>>>

Lemma tr_hsat_A ψ : tr_psat_spec ψ -> tr_hsat_spec (HA ψ).
Proof.
move=> IH fr h r hist_h r_lt; have [h_neq0 _] := (historyE h).1 hist_h.
set c := ol_last M r (size h).-1.
have lt0h : 0 < size h by rewrite lt0n size_eq0.
have le_hH := size_expand r h 0.
have r_le : all (fun e => e.2 <= (size h).-1) r.
  by apply: sub_all r_lt => e lt_e; rewrite -ltnS prednK.
have lagE : (size (expand r h 0)).-1 = (size h).-1 + expand_lag r h.
  by rewrite /expand_lag; lia.
have tr_ψ π Π : is_path π -> is_path Π -> hprefix h π ->
    hprefix (M:=MP) (expand r h 0) Π -> copy_path_after r h c π Π ->
    psat ψ π (size h).-1 r <-> psat (trp p c ψ) Π (size (expand r h 0)).-1 [::].
  move=> path_π path_Π pre_h pre_H π_Π; rewrite lagE.
  apply: (IH fr π Π r c (size h).-1) => //; first by move=> m /(ol_last_out M r_le).
  exact: mkseq_copy_path.
change ((forall π, is_path π -> hprefix h π -> psat ψ π (size h).-1 r) <->
  (forall Π : nat -> St MP, is_path Π -> hprefix (M:=MP) (expand r h 0) Π ->
     psat (pimp (PG (PH (HAtom (p c)))) (trp p c ψ)) Π (size (expand r h 0)).-1 [::])).
split=> [ψ_h Π path_Π pre_H | ψ_H π path_π pre_h].
  apply/psat_pimp => /psat_G_copy G_c.
  have [π [path_π pre_h] π_Π] := project_path hist_h path_Π pre_H G_c.
  by apply/(tr_ψ π Π) => //; apply: ψ_h.
have [Π [path_Π pre_H] Π_π] := lift_path r hist_h path_π pre_h.
apply/(tr_ψ π Π) => //; move/psat_pimp: (ψ_H Π path_Π pre_H); apply.
apply/psat_G_copy => m le_m.
have -> : m = m - expand_lag r h + expand_lag r h by lia.
by rewrite Π_π //; lia.
Qed.

Lemma tr_hsat_K g : tr_hsat_spec g -> tr_hsat_spec (HK g).
Proof.
move=> IH fr h r hist_h r_lt; have {}IH := IH fr.
have hist_expand h' : is_history h' -> is_history (expand r h' 0 : seq (St MP)).
  case/historyE=> h'_neq0 sorted_h'; apply/historyE.
  by rewrite expand_neq0 // sorted_expand.
split=> [K_h H' hist_H' /hequiv_MP sim_H' | K_H h' hist_h' /hequivE equiv_h'].
  have [H'_neq0 sorted_H'] := (historyE H').1 hist_H'.
  have [h' H'E equiv_h'] := all2_expandP sorted_H' sim_H'.
  have [size_h' _] := (hequiv_fromP _ _ _ _).1 equiv_h'.
  have hist_h' : is_history h'.
    apply/historyE; split; last by rewrite -(sorted_expand p r h' 0) -H'E.
    by apply: contraNneq H'_neq0 => h'0; rewrite H'E h'0.
  rewrite H'E -size_h'; apply/IH => //; first by rewrite size_h'.
  by apply: K_h => //; apply/hequivE.
have [size_h' _] := (hequiv_fromP _ _ _ _).1 equiv_h'.
apply/IH => //; first by rewrite size_h'.
rewrite size_h'; apply: K_H; first exact: hist_expand.
by apply/hequiv_MP; apply: all2_expand.
Qed.

Lemma tr_hsat_Delta o g : tr_hsat_spec g -> tr_hsat_spec (HDelta o g).
Proof.
move=> IH fr h r hist_h r_lt; have [h_neq0 sorted_h] := (historyE h).1 hist_h.
have r'_lt : all (fun e => e.2 < size h) (rcons r (o, (size h).-1)).
  by rewrite all_rcons r_lt andbT /= prednK // lt0n size_eq0.
have /= := IH fr h _ hist_h r'_lt; rewrite ol_last_rcons expand_rcons //.
case: ifP => [_ //|/negbT o_new ->]; apply: hsat_switch o_new.
  by apply/historyE; rewrite expand_neq0 // sorted_expand.
by rewrite last_expand.
Qed.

<<<

Starting at the line above that holds "by apply: sub_all" and ending at the line that holds "have [π [path_π pre_h] π_Π] := project_path", transcribe each line exactly and include no other lines.

_Exercise result_
  by apply: sub_all r_lt => e lt_e; rewrite -ltnS prednK.
have lagE : (size (expand r h 0)).-1 = (size h).-1 + expand_lag r h.
  by rewrite /expand_lag; lia.
have tr_ψ π Π : is_path π -> is_path Π -> hprefix h π ->
    hprefix (M:=MP) (expand r h 0) Π -> copy_path_after r h c π Π ->
    psat ψ π (size h).-1 r <-> psat (trp p c ψ) Π (size (expand r h 0)).-1 [::].
  move=> path_π path_Π pre_h pre_H π_Π; rewrite lagE.
  apply: (IH fr π Π r c (size h).-1) => //; first by move=> m /(ol_last_out M r_le).
  exact: mkseq_copy_path.
change ((forall π, is_path π -> hprefix h π -> psat ψ π (size h).-1 r) <->
  (forall Π : nat -> St MP, is_path Π -> hprefix (M:=MP) (expand r h 0) Π ->
     psat (pimp (PG (PH (HAtom (p c)))) (trp p c ψ)) Π (size (expand r h 0)).-1 [::])).
split=> [ψ_h Π path_Π pre_H | ψ_H π path_π pre_h].
  apply/psat_pimp => /psat_G_copy G_c.
  have [π [path_π pre_h] π_Π] := project_path hist_h path_Π pre_H G_c.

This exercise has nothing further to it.